📅  最后修改于: 2023-12-03 15:23:03.121000             🧑  作者: Mango
A certain street has $n$ houses built on either side exactly at equal distance. The distance between any two consecutive houses on a side is $d$. A cable has to be laid such that it starts from the first house on one side, crosses the street and ends at the first house on the other side. The cost of laying the cable on a unit length is Rs. $p$. Find the total cost of laying the cable.

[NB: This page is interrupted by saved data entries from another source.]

(* For every finite graph $G$, the poset $\mathrm{X}(G)$ deformation retracts (on geometric realisations) onto its subposet $\mathrm{C}(G)$.
   Context: Graphs are finite and may have loops and multiple edges. Subgraphs are edge-induced (no isolated vertices), so a subgraph is identified with a subset of $E(G)$. A core subgraph of $G$ is a proper subgraph $H$ such that each connected component of $H$ has non-trivial fundamental group and no vertex of $H$ has valence one in $H$ (separating edges are allowed). $\mathrm{X}(G)$ is the poset, under inclusion, of proper non-empty subgraphs of $G$ at least one connected component of which has non-trivial fundamental group; $\mathrm{C}(G)$ is the poset of proper core subgraphs of $G$ under inclusion. *)

From mathcomp Require Import all_boot.
From Stdlib Require Import Reals.

Set Implicit Arguments.
Unset Strict Implicit.
Unset Printing Implicit Defensive.

Section Graphs.

(* A finite graph: vertex type V, edge type E, each edge has two (unordered)
   endpoints; loops (equal endpoints) and multiple edges are allowed. *)
Variables (V E : finType) (ends : E -> V * V).

Definition incident (e : E) (v : V) : bool :=
  ((ends e).1 == v) || ((ends e).2 == v).

(* Subgraphs are edge-induced: a subgraph is a subset H of E(G). *)
Definition adjH (H : {set E}) : rel V := fun u w =>
  [exists e in H, (((ends e).1 == u) && ((ends e).2 == w))
                  || (((ends e).1 == w) && ((ends e).2 == u))].

Definition vertsH (H : {set E}) : {set V} := [set v | [exists e in H, incident e v]].

Definition comp_verts (H : {set E}) (v : V) : {set V} :=
  [set w | connect (adjH H) v w].
Definition comp_edges (H : {set E}) (v : V) : {set E} :=
  [set e in H | (ends e).1 \in comp_verts H v].

(* A connected graph has non-trivial fundamental group (free of rank
   #edges - #vertices + 1) iff #vertices <= #edges. *)
Definition comp_nontrivial (H : {set E}) (v : V) : bool :=
  #|comp_verts H v| <= #|comp_edges H v|.

(* valence of v in H; a loop contributes 2 *)
Definition valence (H : {set E}) (v : V) : nat :=
  \sum_(e in H) (((ends e).1 == v) + ((ends e).2 == v)).

Definition proper_subgraph (H : {set E}) : bool := H \proper [set: E].

Definition inX (H : {set E}) : bool :=
  [&& proper_subgraph H, H != set0 & [exists v in vertsH H, comp_nontrivial H v]].

Definition is_core (H : {set E}) : bool :=
  proper_subgraph H &&
  [forall v in vertsH H, comp_nontrivial H v && (valence H v != 1)].

Definition inC (H : {set E}) : bool := is_core H && (H != set0).

(* ---- geometric realisation of (the order complex of) a subposet P of
   ({set E}, \subset), embedded in R^{set E}: points are weight functions
   p >= 0 summing to 1 whose support lies in P and is a chain. ---- *)

Definition Rsum (p : {set E} -> R) : R := \big[Rplus/0%R]_(S : {set E}) p S.

Definition in_real (P : pred {set E}) (p : {set E} -> R) : Prop :=
  (forall S, (0 <= p S)%R) /\ Rsum p = 1%R /\
  (forall S, (0 < p S)%R -> P S) /\
  (forall S T, (0 < p S)%R -> (0 < p T)%R -> S \subset T \/ T \subset S).

(* sup-distance on R^{set E} (induces the topology of the realisation) *)
Definition Rdist (p q : {set E} -> R) : R :=
  \big[Rmax/0%R]_(S : {set E}) Rabs (p S - q S).

(* |Q| is a (strong) deformation retract of |P|: a homotopy
   F : |P| x [0,1] -> |P|, continuous, with F(-,0) = id, F(-,1) in |Q|,
   and F(q,t) = q for q in |Q|. *)
Definition deformation_retracts_onto (P Q : pred {set E}) : Prop :=
  exists F : ({set E} -> R) -> R -> ({set E} -> R),
    (forall p t, in_real P p -> (0 <= t <= 1)%R -> in_real P (F p t)) /\
    (forall p, in_real P p -> forall S, F p 0%R S = p S) /\
    (forall p, in_real P p -> in_real Q (F p 1%R)) /\
    (forall q t, in_real Q q -> (0 <= t <= 1)%R -> forall S, F q t S = q S) /\
    (forall p t, in_real P p -> (0 <= t <= 1)%R ->
       forall eps, (0 < eps)%R -> exists delta, (0 < delta)%R /\
         forall q s, in_real P q -> (0 <= s <= 1)%R ->
           (Rdist p q < delta)%R -> (Rabs (t - s) < delta)%R ->
           (Rdist (F p t) (F q s) < eps)%R).

End Graphs.

(* Sending H in X(G) to its core, the union of the core subgraphs contained in
   H, is a monotone map into C(G) that shrinks subgraphs and fixes C(G).  The
   core is non-empty: a component with at least as many edges as vertices keeps
   that property when a pendant edge is pruned, so pruning ends in a non-empty
   leafless subgraph.  It has no leaves since each of its vertices has valence
   at least 2 in one of the cores it contains.  Any such shrinking retraction
   r induces a strong deformation retraction of the order complexes. *)

From Pilot Require Import Defs.
From mathcomp Require Import all_boot.
From Stdlib Require Import Reals Lra.
From mathcomp Require Import Rstruct.

Set Implicit Arguments.
Unset Strict Implicit.
Unset Printing Implicit Defensive.

Lemma sum_eq_mem (T : finType) (A : {set T}) (x : T) :
  \sum_(y in A) ((x == y) : nat) = (x \in A).
Proof.
have [xA|xNA] := boolP (x \in A).
  rewrite (bigD1 x) //= eqxx big1 // => y /andP[_ /negbTE].
  by rewrite eq_sym => ->.
by rewrite big1 // => y yA; case: eqP => // xy; rewrite xy yA in xNA.
Qed.

Section Cores.

Variables (V E : finType) (ends : E -> V * V).
Implicit Types (H K L : {set E}) (e : E) (u v w : V).

Lemma incident_ends e : incident ends e (ends e).1 && incident ends e (ends e).2.
Proof. by rewrite /incident !eqxx orbT. Qed.

Lemma vertsH_incident H e v : e \in H -> incident ends e v -> v \in vertsH ends H.
Proof. by move=> eH ev; rewrite inE; apply/existsP; exists e; rewrite eH. Qed.

Lemma adjH_sym H : symmetric (adjH ends H).
Proof.
move=> u w; apply/existsP/existsP => -[e /andP[eH euw]]; exists e;
  by rewrite eH orbC.
Qed.

Lemma adjH_ends H e : e \in H -> adjH ends H (ends e).1 (ends e).2.
Proof. by move=> eH; apply/existsP; exists e; rewrite eH !eqxx. Qed.

Lemma connect_vertsH H v w : v \in vertsH ends H ->
  connect (adjH ends H) v w -> w \in vertsH ends H.
Proof.
move=> vH /closed_connect <- // x y /existsP[e /andP[eH exy]].
case/andP: (incident_ends e) => /(vertsH_incident eH) e1 /(vertsH_incident eH) e2.
by case/orP: exy => /andP[/eqP <- /eqP <-]; rewrite e1 e2.
Qed.

Lemma valence_gt0 H v : v \in vertsH ends H -> 0 < valence ends H v.
Proof.
rewrite inE => /existsP[e /andP[eH ev]]; rewrite /valence (bigD1 e) //=.
by apply: ltn_addr; case/orP: ev => ->; rewrite ?addn1.
Qed.

Lemma valence_subset K H v : K \subset H -> valence ends K v <= valence ends H v.
Proof. by move=> sKH; rewrite /valence [X in _ <= X](big_setID K) (setIidPr sKH) leq_addr. Qed.

Lemma sum_valence_comp H v :
  \sum_(w in comp_verts ends H v) valence ends H w = 2 * #|comp_edges ends H v|.
Proof.
set W := comp_verts ends H v.
have W_ends e : e \in H -> ((ends e).2 \in W) = ((ends e).1 \in W).
  move=> eH; rewrite !inE; apply/esym/same_connect_r/connect1/adjH_ends => //.
  exact/sym_connect_sym/adjH_sym.
rewrite /valence exchange_big /= (eq_bigr (fun e => 2 * ((ends e).1 \in W))).
  rewrite -big_distrr /= -sum1_card; congr (2 * _).
  rewrite big_mkcond [RHS]big_mkcond; apply: eq_bigr => e _.
  by rewrite !inE; case: (e \in H); case: connect.
by move=> e eH; rewrite big_split /= !sum_eq_mem W_ends // addnn -mul2n.
Qed.

Definition leafless H : bool := [forall v in vertsH ends H, valence ends H v != 1].

Lemma leafless_comp_nontrivial H v :
  leafless H -> v \in vertsH ends H -> comp_nontrivial ends H v.
Proof.
move=> /forall_inP lfH vH; rewrite /comp_nontrivial -(leq_pmul2l (isT : 0 < 2)).
rewrite -sum_valence_comp mulnC -sum_nat_const leq_sum // => w.
rewrite inE => /(connect_vertsH vH) wH.
by move: (valence_gt0 wH) (lfH w wH); case: (valence ends H w) => [|[|]].
Qed.

Lemma is_coreE H : is_core ends H = proper_subgraph H && leafless H.
Proof.
rewrite /is_core; case: (proper_subgraph H) => //=.
apply/forall_inP/forall_inP => lfH v vH; first by case/andP: (lfH v vH).
by rewrite leafless_comp_nontrivial ?lfH //; exact/forall_inP.
Qed.

Lemma pendant_edge K w : valence ends K w = 1 -> exists e,
  [/\ e \in K, vertsH ends (K :\ e) \subset vertsH ends K :\ w & 1 < #|vertsH ends K|].
Proof.
move=> /eqP /sum_nat_eq1 [e [eK ce others]]; exists e; split => //.
  apply/subsetP => x; rewrite inE => /existsP[e' /andP[]].
  rewrite in_setD1 => /andP[ne' e'K] e'x; rewrite in_setD1 (vertsH_incident e'K e'x) andbT.
  apply: contraTneq e'x => ->; move: (others e' ne' e'K); rewrite /incident.
  by case: (_ == w); case: (_ == w).
have ends_neq : (ends e).1 != (ends e).2.
  by apply: contra_eqN ce => /eqP ->; case: (_ == w).
case/andP: (incident_ends e) => /(vertsH_incident eK) e1 /(vertsH_incident eK) e2.
apply: leq_trans (subset_leq_card (_ : [set (ends e).1; (ends e).2] \subset _)).
  by rewrite cards2 ends_neq.
by apply/subsetP => x /set2P[] ->.
Qed.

For each test case, output a single line containing the total cost of laying the cable rounded off to two decimal places.
Input:
2
4 5 10
3 6 8
Output:
24.20
16.97
For the first test case, the total length of the cable is $2\sqrt{n^2 + d^2}$, which evaluates to 22.3607. Multiplying this by $p$ (10) gives us 223.607. Rounding this off to two decimal places gives us 223.61. However, we need to add the cost of the cable crossing the street, which is $\sqrt{2}d \cdot p$ (50.0 in this case). Adding this to the previous result gives us 273.61, which rounds off to 273.60.

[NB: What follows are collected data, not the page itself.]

Lemma pairing_bracketF V W (g : {ffun 'I_k.+1 -> 'I_d} -> R) :
  \sum_L (bracketF br V W) L * g L =
  \sum_J \sum_K (V J * W K) *
    \sum_L (bracketF_dec br (bvecs R J) (bvecs R K)) L * g L.
Proof.
rewrite /bracketF sum_ffun_pairing; apply: eq_bigr => J _.
by rewrite sum_ffun_pairing; apply: eq_bigr => K _; rewrite scale_ffun_pairing.
Qed.

Lemma BformE U X :
  Bform br S U X = \sum_I U I * \sum_L X L * B (bvecs R I) (bvecs R L).
Proof.
rewrite /Bform; apply: eq_bigr => I _; rewrite mulr_sumr.
by apply: eq_bigr => L _; rewrite mulrA.
Qed.

Lemma BformC U W : Bform br S U W = Bform br S W U.
Proof.
rewrite /Bform exchange_big; apply: eq_bigr => I _; apply: eq_bigr => J _.
by rewrite [in LHS]B_decC; ring.
Qed.

Lemma Bform_invariant U V W :
  Bform br S U (bracketF br V W) = Bform br S (bracketF br U V) W.
Proof.
rewrite [RHS]BformC !BformE.
under eq_bigr do rewrite pairing_bracketF.
under [RHS]eq_bigr do rewrite pairing_bracketF.
under eq_bigr => a _ do under eq_bigr => b _ do under eq_bigr => c _
  do rewrite pairing_bracketF_dec.
under [RHS]eq_bigr => c _ do under eq_bigr => a _ do under eq_bigr => b _
  do rewrite pairing_bracketF_dec.
pose D a b c := \sum_i B (bvecs R c)
  (upd (bvecs R b) i (br (bvecs R a) (bvecs R b i))).
transitivity (\sum_a \sum_b \sum_c U a * V b * W c * D a b c).
  apply: eq_bigr => a _; rewrite mulr_sumr; apply: eq_bigr => b _; rewrite mulr_sumr.
  apply: eq_bigr => c _; rewrite B_dec_invariant /D.
  by under eq_bigr do rewrite B_decC; ring.
symmetry; under eq_bigr => c _ do rewrite mulr_sumr; rewrite exchange_big.
apply: eq_bigr => a _; under eq_bigr => c _ do rewrite mulr_sumr; rewrite exchange_big.
by apply: eq_bigr => b _; apply: eq_bigr => c _; rewrite /D; ring.
Qed.

End Invariance.
Lemma expect_utility_Uc_convex_comb_le f1 f2 x1 x2 t :
  budget_set P Z x1 f1 -> budget_set P Z x2 f2 -> 0 < t -> t < 1 ->
  (t%:E * expect_utility P (Uc U) f1 + (1 - t)%:E * expect_utility P (Uc U) f2
     <= uc (t * x1 + (1 - t) * x2))%E.
Proof.
move=> hf1 hf2 t0 t1; have t1' : 0 < 1 - t by rewrite subr_gt0.
rewrite /expect_utility; case: ifPn => h1; last by rewrite gt0_mulNyeDl // leNye.
case: ifPn => h2; last by rewrite gt0_mulNyeDr // leNye.
have i1 := EU_Uc_integrable hf1 h1; have i2 := EU_Uc_integrable hf2 h2.
have [mf1 [f10 fx1]] := hf1; have [mf2 [f20 fx2]] := hf2.
have iZf1 := budget_set_integrable mZ Zpos hf1; have iZf2 := budget_set_integrable mZ Zpos hf2.
pose fm w := t * f1 w + (1 - t) * f2 w.
have hfm : budget_set P Z (t * x1 + (1 - t) * x2) fm.
  split; first by apply: measurable_funD; apply: measurable_funM.
  split; first by move=> w; rewrite /fm addr_ge0 // mulr_ge0 // ltW.
  have -> : (\int[P]_w (Z w * fm w)%:E =
      \int[P]_w (t%:E * (Z w * f1 w)%:E + (1 - t)%:E * (Z w * f2 w)%:E))%E.
    by apply: eq_integral => w _; rewrite -!EFinM -EFinD /fm; congr _%:E; ring.
  rewrite integralD //; [|exact: integrableZl|exact: integrableZl].
  rewrite !integralZl //.
  apply: (@le_trans _ _ (t%:E * x1%:E + (1 - t)%:E * x2%:E)%E); last by rewrite -!EFinM -EFinD.
  by apply: leeD; apply: lee_wpmul2l => //; rewrite lee_fin ltW.
pose g w := (t%:E * Uc U (f1 w) + (1 - t)%:E * Uc U (f2 w))%E.
have ig : P.-integrable setT g by apply: integrableD => //; exact: integrableZl.
have gle w : (g w <= Uc U (fm w))%E by exact: (proj2 (Uc_concave hU)) (ltW t0) (ltW t1).
have <- : (\int[P]_w g w)%E = (t%:E * \int[P]_w Uc U (f1 w) + (1 - t)%:E * \int[P]_w Uc U (f2 w))%E.
  by rewrite integralD //; [rewrite !integralZl|exact: integrableZl|exact: integrableZl].
apply: le_trans (integral_le_EU_Uc hfm ig gle) _.
by apply: ereal_sup_ubound; exists fm.
Qed.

For the second test case, the total length of the cable is $2\sqrt{n^2 + d^2}$, which evaluates to 19.6977. Multiplying this by $p$ (8) gives us 157.582. Rounding this off to two decimal places gives us 157.58. Adding the cost of the cable crossing the street, which is $\sqrt{2}d \cdot p$ (33.9411 in this case), gives us 191.52, which rounds off to 191.52.
import math
T = int(input())
for _ in range(T):
n, d, p = map(int, input().split())
length = 2 * math.sqrt(n**2 + d**2)
cost = length * p + math.sqrt(2) * d * p
print('%.2f' % round(cost, 2))
The above code reads the input and calculates the cost of laying the cable for each test case. It first reads the number of test cases and then loops through them. For each test case, it reads $n$, $d$, and $p$ and calculates the total length of the cable using the formula $2\sqrt{n^2 + d^2}$, where $n$ is the number of houses on one side, and $d$ is the distance between any two consecutive houses on a side.

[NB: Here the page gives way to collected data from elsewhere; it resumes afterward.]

Lemma poly_mul_laurentAC p q g :
  poly_mul_laurent p (poly_mul_laurent q g) = poly_mul_laurent q (poly_mul_laurent p g).
Proof. by rewrite -!poly_mul_laurentM mulrC. Qed.

Definition laurent1 (i : int) : 'F_2 := (i == 0)%:R.

Lemma poly_mul_laurent1 P : poly_mul_laurent P laurent1 = poly_laurent P.
Proof.
apply/funext => i; rewrite /poly_laurent; case: ifPn => [i_le0|]; last first.
  rewrite -ltNge => i_gt0; apply: big1 => k _.
  by rewrite /laurent1 gt_eqF ?mulr0 // ltr_wpDr.
have -> : i = - `|i|%N%:Z by rewrite lez0_abs // opprK.
rewrite abszN absz_nat (@poly_mul_laurent_widen (maxn (size P) `|i|.+1)) ?leq_maxl //.
rewrite (bigD1 (Ordinal (leq_trans (ltnSn `|i|) (leq_maxr _ _)))) //= big1 ?addr0.
  by rewrite /laurent1 addNr eqxx mulr1.
move=> k /eqP hk; rewrite /laurent1 addrC subr_eq0 eqz_nat.
by case: eqP => [hki|_]; [case: hk; apply: val_inj | rewrite mulr0].
Qed.

Lemma poly_mul_laurent_poly Q P :
  poly_mul_laurent Q (poly_laurent P) = poly_laurent (Q * P).
Proof. by rewrite -!poly_mul_laurent1 poly_mul_laurentM. Qed.

Lemma poly_laurent_gt0 P i : 0 < i -> poly_laurent P i = 0.
Proof. by move=> i_gt0; rewrite /poly_laurent leNgt i_gt0. Qed.

Lemma poly_laurent_inj : injective poly_laurent.
Proof.
move=> P P' E; apply/polyP => n; have := congr1 (fun h => h (- n%:Z)) E.
by rewrite /poly_laurent oppr_le0 abszN absz_nat.
Qed.

Definition is_lead_index (g : int -> 'F_2) (v : int) : Prop :=
  g v != 0 /\ forall j, j < v -> g j = 0.

Lemma lead_index_exists g : laurent g -> (exists i, g i != 0) ->
  exists v, is_lead_index g v.
Proof.
move=> [N gN] [i gi].
have [|m gm m_min] := ex_minnP (P := fun n : nat => g (N + n%:Z) != 0).
  exists `|i - N|%N; rewrite gez0_abs ?subrKC // subr_ge0 leNgt.
  by apply: contra gi => /gN ->.
exists (N + m%:Z); split => // j hj; have [/gN //|jN] := ltP j N.
apply/eqP; apply: contraTT hj => gj; rewrite -leNgt -(subrKC N j) lerD2l.
by rewrite -[j - N]gez0_abs ?subr_ge0 // lez_nat m_min // gez0_abs ?subrKC ?subr_ge0.
Qed.

Lemma is_lead_index_uniq g v w : is_lead_index g v -> is_lead_index g w -> v = w.
Proof.
move=> [gv vmin] [gw wmin]; case: (ltgtP v w) => // [/wmin|/vmin] g0.
  by rewrite g0 eqxx in gv.
by rewrite g0 eqxx in gw.
Qed.

Lemma labs_lead {R : realType} (b : R) g v :
  is_lead_index g v -> labs b g = b ^ (- v).
Proof.
move=> gv; have gnz : exists i, g i != 0 by exists v; case: gv.
rewrite /labs asboolT // /lead_index; congr (_ ^ - _).
by apply: (xget_unique _ gv) => w gw; apply: is_lead_index_uniq gw gv.
Qed.

Lemma is_lead_index_mul Q g v : Q != 0 -> is_lead_index g v ->
  is_lead_index (poly_mul_laurent Q g) (v - (size Q).-1%:Z).
Proof.
move=> Q0 [gv vmin]; have sQ : size Q = (size Q).-1.+1 by rewrite prednK ?size_poly_gt0.
rewrite /poly_mul_laurent sQ; set d := (size Q).-1; split => [|j hj].
  rewrite big_ord_recr /= big1 => [|k _]; last first.
    by rewrite vmin ?mulr0 //; have := ltn_ord k; lia.
  by rewrite add0r subrK mulf_neq0 // -lead_coefE lead_coef_eq0.
by apply: big1 => k _; rewrite vmin ?mulr0 //; have := ltn_ord k; lia.
Qed.

Lemma is_lead_index_poly Q : Q != 0 ->
  is_lead_index (poly_laurent Q) (- (size Q).-1%:Z).
Proof.
move=> Q0; rewrite -poly_mul_laurent1 -[X in is_lead_index _ X]add0r.
apply: is_lead_index_mul Q0 _; split => [|j j_lt0]; first by rewrite /laurent1 oner_eq0.
by rewrite /laurent1 lt_eqF.
Qed.

Lemma laurentB f g : laurent f -> laurent g -> laurent (fun i => f i - g i).
Proof.
move=> [M fM] [N gN]; exists (Num.min M N) => i; rewrite lt_min => /andP[iM iN].
by rewrite fM ?gN ?subr0.
Qed.

Lemma laurent_f_a : laurent f_a.
Proof. by exists 0 => i i_lt0; rewrite /f_a leNgt i_lt0. Qed.

(** * The rational approximations *)

(* [q_k := approx_den k], [p_k := approx_num k] and [g_k := approx_series k = p_k / q_k],
   which is [f_a] with its block [a_1 ... a_(8^k)] repeated periodically. *)
Definition approx_den k : {poly 'F_2} := 'X^(8 ^ k) + 1.

Definition approx_series k (i : int) : 'F_2 :=
  match i with
  | Posz 0 => 1
  | Posz n.+1 => a_seq (n %% 8 ^ k).+1
  | Negz _ => 0
  end.

Definition approx_num k : {poly 'F_2} :=
  \poly_(j < (8 ^ k).+1) (if j == 0%N then 0 else a_seq (8 ^ k - j)).

Lemma laurent_approx_series k : laurent (approx_series k).
Proof. by exists 0 => -[]. Qed.

Lemma size_approx_den k : size (approx_den k) = (8 ^ k).+1.
Proof. by rewrite size_XnaddC // expn_gt0. Qed.

Lemma approx_den_neq0 k : approx_den k != 0.
Proof. by rewrite -size_poly_eq0 size_approx_den. Qed.

Lemma poly_mul_approx_den k g i :
  poly_mul_laurent (approx_den k) g i = g i + g (i + (8 ^ k)%N).
Proof.
by rewrite poly_mul_laurentDl poly_mul_laurentXn -polyC1 poly_mul_laurentC mul1r addrC.
Qed.

Lemma approx_seriesDX k n : (0 < n)%N ->
  approx_series k (n + 8 ^ k)%N = approx_series k n.
Proof. by case: n => // n _; rewrite addSn /= modnDr. Qed.

Lemma approx_series_small k n : (n <= 8 ^ k)%N -> approx_series k n = a_seq n.
Proof. by case: n => // n hn; rewrite /= modn_small. Qed.

Lemma a_seq_exp8 k : a_seq (8 ^ k) = 1.
Proof. by rewrite /a_seq sigma_fix_exp8. Qed.

Lemma poly_mul_approx_series k :
  poly_mul_laurent (approx_den k) (approx_series k) = poly_laurent (approx_num k).
Proof.
apply/funext => -[[|n]|n]; rewrite poly_mul_approx_den.
- rewrite add0r !approx_series_small // a_seq_exp8 /poly_laurent coef_poly /=.
  by rewrite addrr_pchar2 // pchar_F2.
- by rewrite poly_laurent_gt0 // -PoszD approx_seriesDX // addrr_pchar2 // pchar_F2.
rewrite add0r /poly_laurent /= coef_poly ltnS; have [hn|hn] := ltnP n (8 ^ k).
  have -> : Negz n + (8 ^ k)%N = (8 ^ k - n.+1)%N by rewrite NegzE; lia.
  by rewrite approx_series_small ?leq_subr.
by have -> : Negz n + (8 ^ k)%N = Negz (n - 8 ^ k) by rewrite !NegzE; lia.
Qed.

Lemma f_a_nat (n : nat) : f_a n = a_seq n.
Proof. by []. Qed.

Lemma is_lead_index_f_a_sub_approx k :
  is_lead_index (fun i => f_a i - approx_series k i) (5 * 8 ^ k)%N.
Proof.
have N_gt0 : (0 < 8 ^ k)%N by rewrite expn_gt0.
have -> : (5 * 8 ^ k)%N = (4 * 8 ^ k + (8 ^ k).-1).+1 by lia.
split.
  rewrite f_a_nat /= modnMDl modn_small ?prednK ?ltn_pred // a_seq_exp8.
  by rewrite -addnS prednK // -mulSnr /a_seq sigma_fix_5exp8 sub0r oppr_eq0 oner_eq0.
move=> [[|m]|m] hm; rewrite ?f_a_nat /= ?subrr //.
by rewrite /a_seq sigma_fix_modX ?subrr //; rewrite ltz_nat in hm; lia.
Qed.

Lemma approx_denE k : approx_den k = ('X - 1) ^+ (8 ^ k)%N.
Proof.
rewrite (oppr_pchar2 pchar_polyF2) exprDn_pchar ?expr1n //.
by rewrite (eq_pnat _ (pcharf_eq pchar_polyF2)) pnatX.
Qed.

Lemma approx_num_root1 k : ~~ root (approx_num k) 1.
Proof.
rewrite /root horner_poly big_ord_recl /= mul0r add0r.
rewrite (eq_bigr (fun i : 'I_(8 ^ k) => a_seq (8 ^ k - i.+1))) => [|i _]; last first.
  by rewrite expr1n mulr1.
suff -> : \sum_(i < 8 ^ k) a_seq (8 ^ k - i.+1) = 1 by rewrite oner_eq0.
by rewrite -(sum_a_seq_exp8 k) -(big_mkord xpredT a_seq) big_rev_mkord subn0.
Qed.

Lemma approx_den_dvd k Q P : Q * approx_num k = approx_den k * P -> approx_den k %| Q.
Proof.
move=> E; have cop : coprimep (approx_den k) (approx_num k).
  by rewrite coprimep_sym approx_denE coprimep_expr // coprimep_XsubC approx_num_root1.
by rewrite -(Gauss_dvdpl _ cop) E dvdp_mulIl.
Qed.

Lemma exists_scale d : (0 < d)%N -> exists k, (d < 4 * 8 ^ k)%N /\ (8 ^ k <= 2 * d)%N.
Proof.
move=> d_gt0; have := trunc_log_ltn d (isT : (1 < 8)%N).
have := trunc_logP (isT : (1 < 8)%N) d_gt0; set t := trunc_log 8 d => lo hi.
have [dt|dt] := ltnP d (4 * 8 ^ t); first by exists t; split => //; lia.
by exists t.+1; move: hi; rewrite !expnS; split; lia.
Qed.

Section Agreement.
Variables (Q P : {poly 'F_2}) (g : int -> 'F_2).
Hypotheses (Q0 : Q != 0) (QgP : poly_mul_laurent Q g = poly_laurent P).
Let d := (size Q).-1.
(* What [|f_a - P/Q| < |Q|^-tau] yields for [tau > 5]. *)
Hypothesis f_a_g : forall i : int, i <= (5 * d)%N -> f_a i = g i.

(* [Q p_k = q_k P] with [q_k, p_k] coprime forces [8^k <= d], but [f_a] and [g_k]
   differ at [5 * 8^k <= 5 d]. *)
Lemma approx_series_not_agree k : g <> approx_series k.
Proof.
move=> gE; have : approx_den k %| Q.
  apply: (approx_den_dvd (P := P)); apply: poly_laurent_inj.
  by rewrite -!poly_mul_laurent_poly -poly_mul_approx_series -gE -QgP poly_mul_laurentAC.
move=> /(dvdp_leq Q0); rewrite size_approx_den -/d => N_le_d.
have [+ _] := is_lead_index_f_a_sub_approx k; rewrite -gE f_a_g ?subrr ?eqxx //.
by rewrite lez_nat leq_pmul2l // -ltnS prednK ?size_poly_gt0.
Qed.

(* Otherwise [q_k Q (g - g_k) = q_k P - Q p_k] would be a polynomial whose leading
   term, of index [v - 8^k - d] for the leading index [v > 8^k + d] of [g - g_k],
   is a negative power of [T]. *)
Lemma agree_approx_series k : (d < 4 * 8 ^ k)%N -> (8 ^ k <= 2 * d)%N ->
  laurent g -> g = approx_series k.
Proof.
move=> d_lt N_le gl; apply/funext => i; apply/eqP; rewrite -subr_eq0; apply: contraT => hi.
have gkl := laurent_approx_series k.
have [v [hv vmin]] := lead_index_exists (laurentB gl gkl) (ex_intro _ i hi).
have v_gt : Posz (8 ^ k + d) < v.
  rewrite ltNge; apply: contraNN hv => v_le.
  have [_ fa_gk] := is_lead_index_f_a_sub_approx k.
  rewrite -f_a_g ?fa_gk //; move: v_le; rewrite /d; lia.
have idx_gt0 : 0 < v - d%:Z - (8 ^ k)%N%:Z by rewrite -addrA -opprD subr_gt0 -PoszD addnC.
have := is_lead_index_mul (approx_den_neq0 k) (is_lead_index_mul Q0 (conj hv vmin)).
rewrite size_approx_den /= => -[+ _].
have -> : poly_mul_laurent Q (fun j => g j - approx_series k j) =
          fun j => poly_laurent P j - poly_mul_laurent Q (approx_series k) j.
  by apply/funext => j; rewrite poly_mul_laurentBr QgP.
rewrite poly_mul_laurentBr poly_mul_laurent_poly poly_mul_laurentAC poly_mul_approx_series.
by rewrite poly_mul_laurent_poly !poly_laurent_gt0 ?subrr ?eqxx.
Qed.

Lemma agree_eq1 : laurent g -> (P, Q) = (1, 1).
Proof.
move=> gl; have d0 : d = 0%N.
  have [//|d_gt0] := posnP d; have [k [d_lt N_le]] := exists_scale d_gt0.
  by have := approx_series_not_agree (agree_approx_series d_lt N_le gl).
have Q1 : Q = 1.
  have : (size Q <= 1)%N by move: d0; rewrite /d; lia.
  by move=> /size1_polyC QE; move: Q0; rewrite QE polyC_eq0 => /F2_neq0 ->.
have gP : g = poly_laurent P.
  by rewrite -QgP Q1 -polyC1; apply/funext => i; rewrite poly_mul_laurentC mul1r.
congr pair => //; apply/polyP => j; have := f_a_g (i := - j%:Z).
rewrite d0 gP /poly_laurent oppr_le0 abszN absz_nat coefC le0z_nat => <- //.
by case: j.
Qed.

End Agreement.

It then multiplies this length by $p$ to get the cost of the cable without considering the cable crossing the street. To calculate the cost of the cable crossing the street, it multiplies $\sqrt{2}d$ (which is the diagonal distance between two houses across the street) by $p$ and adds it to the previous result. Finally, it rounds off the cost to two decimal places using the `round()` and string formatting functions.
The code uses the `math` module to calculate the square root of a number and the value of $\sqrt{2}$.